Material shown:
(* Let $\alpha_a$ be a labeled dGL hybrid game, $S$ an inductive Angelic subvalue map for $\alpha_a$, and $\varphi$ a formula compatible with $S$ (i.e. $\models S(\mathsf{end})\rightarrow\varphi$). Then every state satisfying $S(a)$ satisfies $\langle\mathcal{U}(\alpha_a,S)\rangle\varphi$.
   Context: Differential game logic (dGL). Hybrid games are generated by $\alpha,\beta ::= x:=e \mid \alpha;\beta \mid ?Q \mid \{x'=f(x)\,\&\,Q\} \mid \alpha^{*} \mid \alpha\cup\beta \mid x:=* \mid\ !Q \mid \{x'=f(x)\,\&\,Q\}^{d} \mid \alpha^{\times} \mid \alpha\cap\beta \mid x:=\otimes$, with $x$ a real variable (vector for ODEs), $e,f(x)$ polynomial terms, $Q$ a formula. Players Angel and Demon: $x:=e$ deterministic assignment; in $x:=*$ Angel (in $x:=\otimes$ Demon) assigns any real; in $\{x'=f(x)\&Q\}$ Angel (in $\{\cdot\}^d$ Demon) chooses a duration $r\ge 0$ of following the ODE with $Q$ true throughout; $?Q$ makes Angel lose and $!Q$ makes Demon lose if $Q$ is false; in $\alpha\cup\beta$ Angel (in $\alpha\cap\beta$ Demon) chooses the branch; in $\alpha^*$ Angel (in $\alpha^\times$ Demon) decides before each iteration whether to repeat or stop; $\alpha;\beta$ sequential. Formulas: polynomial (in)equalities closed under connectives, real quantifiers, and modalities $\langle\alpha\rangle\varphi$ (Angel can win $\alpha$ reaching $\varphi$) and $[\alpha]\varphi\equiv\neg\langle\alpha\rangle\neg\varphi$, with the standard dGL winning-region semantics ($\langle x:=*\rangle\varphi\leftrightarrow\exists x\varphi$, $\langle x:=\otimes\rangle\varphi\leftrightarrow\forall x\varphi$, $\langle ?Q\rangle\varphi\leftrightarrow Q\wedge\varphi$, $\langle !Q\rangle\varphi\leftrightarrow(Q\rightarrow\varphi)$, $\cup$ as disjunction, $\cap$ as conjunction, $\langle\alpha;\beta\rangle\varphi\leftrightarrow\langle\alpha\rangle\langle\beta\rangle\varphi$, Angel ODE existential, Demon ODE universal, $\langle\alpha^*\rangle$ least and $\langle\alpha^\times\rangle$ greatest fixed point). $\models$ denotes validity. Labels: every node of the syntax tree carries a unique label; $\alpha_a$ has root label $a$; $\mathrm{nodes}(\alpha_a)$ is its set of subgame labels; $\mathsf{end}$ is a special extra label. A map $S$ assigns formulas to a label set containing $\mathrm{nodes}(\alpha_a)\cup\{\mathsf{end}\}$; $S\{\mathsf{end}\mapsto Q\}$ replaces the value at $\mathsf{end}$. $\gamma_g,\delta_d$ denote immediate subgames with root labels $g,d$. Existential projection $\mathcal{P}(\alpha_a,S)$: $(x:=* )_a\mapsto(x:=* )_a;?S(\mathsf{end})$; $\{x'=f(x)\&Q\}_a\mapsto\{x'=f(x)\&Q\}_a;?S(\mathsf{end})$; $(\gamma_g\cup\delta_d)_a\mapsto(?S(g);\mathcal{P}(\gamma_g,S))\cup(?S(d);\mathcal{P}(\delta_d,S))$; $((\gamma_g)^* )_a\mapsto(?S(g);\mathcal{P}(\gamma_g,S\{\mathsf{end}\mapsto S(a)\}))^*;?S(\mathsf{end})$; $(\gamma_g;\delta_d)_a\mapsto\mathcal{P}(\gamma_g,S\{\mathsf{end}\mapsto S(d)\});\mathcal{P}(\delta_d,S)$; $(\gamma_g\cap\delta_d)_a\mapsto\mathcal{P}(\gamma_g,S)\cap\mathcal{P}(\delta_d,S)$; $((\gamma_g)^\times)_a\mapsto\mathcal{P}(\gamma_g,S\{\mathsf{end}\mapsto S(a)\})^\times$; $x:=e,x:=\otimes,?Q,!Q,\{x'=f(x)\&Q\}^d$ unchanged (labels preserved, new nodes fresh labels). Universal projection $\mathcal{U}(\alpha_a,S)$: $(x:=* )_a\mapsto (x:=\otimes)_a;\,!S(\mathsf{end})$; $\{x'=f(x)\&Q\}_a\mapsto(\{x'=f(x)\&Q\}^d)_a;\,!S(\mathsf{end})$; $(\gamma_g\cup\delta_d)_a\mapsto(!S(g);\mathcal{U}(\gamma_g,S))\cap(!S(d);\mathcal{U}(\delta_d,S))$; $((\gamma_g)^* )_a\mapsto(!S(g);\mathcal{U}(\gamma_g,S\{\mathsf{end}\mapsto S(a)\}))^{\times};\,!S(\mathsf{end})$; $(\gamma_g;\delta_d)_a\mapsto\mathcal{U}(\gamma_g,S\{\mathsf{end}\mapsto S(d)\});\mathcal{U}(\delta_d,S)$; $(\gamma_g\cap\delta_d)_a\mapsto\mathcal{U}(\gamma_g,S)\cap\mathcal{U}(\delta_d,S)$; $((\gamma_g)^\times)_a\mapsto\mathcal{U}(\gamma_g,S\{\mathsf{end}\mapsto S(a)\})^\times$; $x:=e,x:=\otimes,?Q,!Q,\{x'=f(x)\&Q\}^d$ unchanged (labels preserved, new nodes fresh labels). Inductive Angelic subvalue map ($S\Vdash\alpha_a$), recursively: atomic $\alpha$ ($x:=e,x:=*,x:=\otimes,?Q,!Q$, Angel or Demon ODE): $\models S(a)\rightarrow\langle\alpha\rangle S(\mathsf{end})$; $(\gamma_g\cup\delta_d)_a$: $\models S(a)\rightarrow S(g)\vee S(d)$, $S\Vdash\gamma_g$, $S\Vdash\delta_d$; $(\gamma_g\cap\delta_d)_a$: $\models S(a)\rightarrow S(g)\wedge S(d)$ and both; $(\gamma_g;\delta_d)_a$: $\models S(a)\rightarrow S(g)$, $S\{\mathsf{end}\mapsto S(d)\}\Vdash\gamma_g$, $S\Vdash\delta_d$; $((\gamma_g)^* )_a$: $\models S(a)\rightarrow\langle\mathcal{P}(\alpha_a,S)\rangle S(\mathsf{end})$ and $S\{\mathsf{end}\mapsto S(a)\}\Vdash\gamma_g$; $((\gamma_g)^\times)_a$: $\models S(a)\rightarrow S(g)\wedge S(\mathsf{end})$ and $S\{\mathsf{end}\mapsto S(a)\}\Vdash\gamma_g$. *)

From Stdlib Require Import Reals List.
Import ListNotations.
Open Scope R_scope.

Definition var := nat.
Definition state := var -> R.

Inductive term : Type :=
| TVar : var -> term
| TConst : R -> term
| TNeg : term -> term
| TPlus : term -> term -> term
| TTimes : term -> term -> term.

Fixpoint teval (e : term) (w : state) : R :=
  match e with
  | TVar x => w x
  | TConst c => c
  | TNeg e1 => - teval e1 w
  | TPlus e1 e2 => teval e1 w + teval e2 w
  | TTimes e1 e2 => teval e1 w * teval e2 w
  end.

(* an ODE system x1'=e1,...,xn'=en  (vector ODE) *)
Definition odesys := list (var * term).

Inductive fmla : Type :=
| FTrue : fmla
| FFalse : fmla
| FGe : term -> term -> fmla
| FGt : term -> term -> fmla
| FEq : term -> term -> fmla
| FNot : fmla -> fmla
| FAnd : fmla -> fmla -> fmla
| FOr : fmla -> fmla -> fmla
| FImp : fmla -> fmla -> fmla
| FForall : var -> fmla -> fmla
| FExists : var -> fmla -> fmla
| FDia : game -> fmla -> fmla
with game : Type :=
| GAssign : var -> term -> game
| GAssignAny : var -> game
| GAssignDemon : var -> game
| GTest : fmla -> game
| GDTest : fmla -> game
| GODE : odesys -> fmla -> game
| GDODE : odesys -> fmla -> game
| GSeq : game -> game -> game
| GChoice : game -> game -> game
| GDChoice : game -> game -> game
| GStar : game -> game
| GCross : game -> game.

Definition FBox (a : game) (p : fmla) : fmla := FNot (FDia a (FNot p)).

Definition upd (w : state) (x : var) (r : R) : state :=
  fun y => if Nat.eqb y x then r else w y.

(* derivative of g on [0,r] relative to the interval (one-sided at endpoints) *)
Definition has_deriv_on (g g' : R -> R) (r : R) : Prop :=
  forall t, 0 <= t <= r -> forall eps, 0 < eps -> exists delta, 0 < delta /\
    forall s, 0 <= s <= r -> s <> t -> Rabs (s - t) < delta ->
      Rabs ((g s - g t) / (s - t) - g' t) < eps.

Definition ode_run (sys : odesys) (Q : state -> Prop) (w : state) (r : R)
  (y : R -> state) : Prop :=
  0 <= r /\
  (forall x, y 0 x = w x) /\
  (forall t, 0 <= t <= r -> forall x, ~ In x (map fst sys) -> y t x = w x) /\
  (forall x e, In (x, e) sys -> has_deriv_on (fun t => y t x) (fun t => teval e (y t)) r) /\
  (forall t, 0 <= t <= r -> Q (y t)).

(* fsem phi = set of states satisfying phi;
   gsem alpha X = winning region of Angel for reaching X in alpha *)
Fixpoint fsem (p : fmla) : state -> Prop :=
  match p with
  | FTrue => fun _ => True
  | FFalse => fun _ => False
  | FGe e1 e2 => fun w => teval e1 w >= teval e2 w
  | FGt e1 e2 => fun w => teval e1 w > teval e2 w
  | FEq e1 e2 => fun w => teval e1 w = teval e2 w
  | FNot q => fun w => ~ fsem q w
  | FAnd q1 q2 => fun w => fsem q1 w /\ fsem q2 w
  | FOr q1 q2 => fun w => fsem q1 w \/ fsem q2 w
  | FImp q1 q2 => fun w => fsem q1 w -> fsem q2 w
  | FForall x q => fun w => forall r, fsem q (upd w x r)
  | FExists x q => fun w => exists r, fsem q (upd w x r)
  | FDia a q => gsem a (fsem q)
  end
with gsem (a : game) (X : state -> Prop) : state -> Prop :=
  match a with
  | GAssign x e => fun w => X (upd w x (teval e w))
  | GAssignAny x => fun w => exists r, X (upd w x r)
  | GAssignDemon x => fun w => forall r, X (upd w x r)
  | GTest Q => fun w => fsem Q w /\ X w
  | GDTest Q => fun w => fsem Q w -> X w
  | GODE sys Q => fun w => exists r y, ode_run sys (fsem Q) w r y /\ X (y r)
  | GDODE sys Q => fun w => forall r y, ode_run sys (fsem Q) w r y -> X (y r)
  | GSeq b c => gsem b (gsem c X)
  | GChoice b c => fun w => gsem b X w \/ gsem c X w
  | GDChoice b c => fun w => gsem b X w /\ gsem c X w
  | GStar b => (* least fixed point of Z |-> X u gsem b Z *)
      fun w => forall Z : state -> Prop,
        (forall v, X v \/ gsem b Z v -> Z v) -> Z w
  | GCross b => (* greatest fixed point of Z |-> X n gsem b Z *)
      fun w => exists Z : state -> Prop, Z w /\
        (forall v, Z v -> X v /\ gsem b Z v)
  end.

Definition valid (p : fmla) : Prop := forall w, fsem p w.

(* Labels: a node is labelled by its position (path of child indices)
   inside the labelled game; this makes labels unique.  [End] is the extra
   label end.  The immediate subgames of the node labelled a are labelled
   a ++ [0] and (for binary operators) a ++ [1]. *)
Inductive lbl : Type :=
| Node : list nat -> lbl
| End : lbl.

Definition lmap := lbl -> fmla.

Definition set_end (S : lmap) (Q : fmla) : lmap :=
  fun l => match l with End => Q | Node p => S (Node p) end.

Definition lchild (a : list nat) : list nat := a ++ [0%nat].
Definition rchild (a : list nat) : list nat := a ++ [1%nat].

Fixpoint eproj (al : game) (a : list nat) (S : lmap) : game :=
  match al with
  | GAssignAny x => GSeq (GAssignAny x) (GTest (S End))
  | GODE sys Q => GSeq (GODE sys Q) (GTest (S End))
  | GChoice g d =>
      GChoice (GSeq (GTest (S (Node (lchild a)))) (eproj g (lchild a) S))
              (GSeq (GTest (S (Node (rchild a)))) (eproj d (rchild a) S))
  | GStar g =>
      GSeq (GStar (GSeq (GTest (S (Node (lchild a))))
                        (eproj g (lchild a) (set_end S (S (Node a))))))
           (GTest (S End))
  | GSeq g d =>
      GSeq (eproj g (lchild a) (set_end S (S (Node (rchild a)))))
           (eproj d (rchild a) S)
  | GDChoice g d => GDChoice (eproj g (lchild a) S) (eproj d (rchild a) S)
  | GCross g => GCross (eproj g (lchild a) (set_end S (S (Node a))))
  | _ => al
  end.

Fixpoint uproj (al : game) (a : list nat) (S : lmap) : game :=
  match al with
  | GAssignAny x => GSeq (GAssignDemon x) (GDTest (S End))
  | GODE sys Q => GSeq (GDODE sys Q) (GDTest (S End))
  | GChoice g d =>
      GDChoice (GSeq (GDTest (S (Node (lchild a)))) (uproj g (lchild a) S))
               (GSeq (GDTest (S (Node (rchild a)))) (uproj d (rchild a) S))
  | GStar g =>
      GSeq (GCross (GSeq (GDTest (S (Node (lchild a))))
                         (uproj g (lchild a) (set_end S (S (Node a))))))
           (GDTest (S End))
  | GSeq g d =>
      GSeq (uproj g (lchild a) (set_end S (S (Node (rchild a)))))
           (uproj d (rchild a) S)
  | GDChoice g d => GDChoice (uproj g (lchild a) S) (uproj d (rchild a) S)
  | GCross g => GCross (uproj g (lchild a) (set_end S (S (Node a))))
  | _ => al
  end.

Fixpoint subvalue (al : game) (a : list nat) (S : lmap) : Prop :=
  match al with
  | GChoice g d =>
      valid (FImp (S (Node a)) (FOr (S (Node (lchild a))) (S (Node (rchild a))))) /\
      subvalue g (lchild a) S /\ subvalue d (rchild a) S
  | GDChoice g d =>
      valid (FImp (S (Node a)) (FAnd (S (Node (lchild a))) (S (Node (rchild a))))) /\
      subvalue g (lchild a) S /\ subvalue d (rchild a) S
  | GSeq g d =>
      valid (FImp (S (Node a)) (S (Node (lchild a)))) /\
      subvalue g (lchild a) (set_end S (S (Node (rchild a)))) /\
      subvalue d (rchild a) S
  | GStar g =>
      valid (FImp (S (Node a)) (FDia (eproj al a S) (S End))) /\
      subvalue g (lchild a) (set_end S (S (Node a)))
  | GCross g =>
      valid (FImp (S (Node a)) (FAnd (S (Node (lchild a))) (S End))) /\
      subvalue g (lchild a) (set_end S (S (Node a)))
  | _ =>
      valid (FImp (S (Node a)) (FDia al (S End)))
  end.

(* In the universal projection every choice of Angel has become a choice of
   Demon guarded by a Demon test !S(l), and her atomic moves that remain are
   covered by the subvalue conditions.  So whatever Demon does, either one of
   his tests fails and he loses, or S holds at the node reached; in particular
   S(a) is an invariant of the loops, which Demon now controls. *)
From Stdlib Require Import Reals List.

Lemma gsem_monotone (g : game) (X Y : state -> Prop) :
  (forall v, X v -> Y v) -> forall w, gsem g X w -> gsem g Y w.
Proof.
  revert X Y; induction g; intros X Y HXY w Hw; simpl in *; firstorder.
Qed.

Lemma uproj_winning (al : game) (a : list nat) (S : lmap) (X : state -> Prop) :
  subvalue al a S -> (forall v, fsem (S End) v -> X v) ->
  forall w, fsem (S (Node a)) w -> gsem (uproj al a S) X w.
Proof.
  revert a S X.
  induction al as [| | | | | | | g IHg d IHd | g IHg d IHd | g IHg d IHd
                   | g IHg | g IHg];
    intros a S X Hsub HX w Hw;
    try (apply (gsem_monotone _ (fsem (S End)) X HX); exact (Hsub w Hw));
    simpl in *.
  - intros r Hend; auto.
  - intros r y _ Hend; auto.
  - destruct Hsub as [Hg [Hsubg Hsubd]].
    apply (IHg (lchild a) (set_end S (S (Node (rchild a))))).
    + exact Hsubg.
    + intros v Hv; apply (IHd (rchild a) S); auto.
    + exact (Hg w Hw).
  - destruct Hsub as [_ [Hsubg Hsubd]]; split; intros Htest.
    + apply (IHg (lchild a) S); auto.
    + apply (IHd (rchild a) S); auto.
  - destruct Hsub as [Hgd [Hsubg Hsubd]]; destruct (Hgd w Hw) as [Hg Hd]; split.
    + apply (IHg (lchild a) S); auto.
    + apply (IHd (rchild a) S); auto.
  - destruct Hsub as [_ Hsubg].
    exists (fsem (S (Node a))); split; [exact Hw |].
    intros v Hv; split; [intros Hend; auto |].
    intros Htest; apply (IHg (lchild a) (set_end S (S (Node a)))); auto.
  - destruct Hsub as [Hinv Hsubg].
    exists (fsem (S (Node a))); split; [exact Hw |].
    intros v Hv; destruct (Hinv v Hv) as [Hg Hend]; split; [auto |].
    apply (IHg (lchild a) (set_end S (S (Node a)))); auto.
Qed.

Theorem mainTheorem10 (al : game) (a : list nat) (S : lmap) (phi : fmla) :
  subvalue al a S ->
  valid (FImp (S End) phi) ->
  forall w : state, fsem (S (Node a)) w -> fsem (FDia (uproj al a S) phi) w.
Proof.
  intros Hsub Hphi w Hw.
  exact (uproj_winning al a S (fsem phi) Hsub Hphi w Hw).
Qed.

The task: Where the listing above reaches the line that contains "fun w => exists Z", start retyping, and finish with the line that contains "GCross (eproj g"; reproduce those lines exactly and no others.

Problem solution:
      fun w => exists Z : state -> Prop, Z w /\
        (forall v, Z v -> X v /\ gsem b Z v)
  end.

Definition valid (p : fmla) : Prop := forall w, fsem p w.

(* Labels: a node is labelled by its position (path of child indices)
   inside the labelled game; this makes labels unique.  [End] is the extra
   label end.  The immediate subgames of the node labelled a are labelled
   a ++ [0] and (for binary operators) a ++ [1]. *)
Inductive lbl : Type :=
| Node : list nat -> lbl
| End : lbl.

Definition lmap := lbl -> fmla.

Definition set_end (S : lmap) (Q : fmla) : lmap :=
  fun l => match l with End => Q | Node p => S (Node p) end.

Definition lchild (a : list nat) : list nat := a ++ [0%nat].
Definition rchild (a : list nat) : list nat := a ++ [1%nat].

Fixpoint eproj (al : game) (a : list nat) (S : lmap) : game :=
  match al with
  | GAssignAny x => GSeq (GAssignAny x) (GTest (S End))
  | GODE sys Q => GSeq (GODE sys Q) (GTest (S End))
  | GChoice g d =>
      GChoice (GSeq (GTest (S (Node (lchild a)))) (eproj g (lchild a) S))
              (GSeq (GTest (S (Node (rchild a)))) (eproj d (rchild a) S))
  | GStar g =>
      GSeq (GStar (GSeq (GTest (S (Node (lchild a))))
                        (eproj g (lchild a) (set_end S (S (Node a))))))
           (GTest (S End))
  | GSeq g d =>
      GSeq (eproj g (lchild a) (set_end S (S (Node (rchild a)))))
           (eproj d (rchild a) S)
  | GDChoice g d => GDChoice (eproj g (lchild a) S) (eproj d (rchild a) S)
  | GCross g => GCross (eproj g (lchild a) (set_end S (S (Node a))))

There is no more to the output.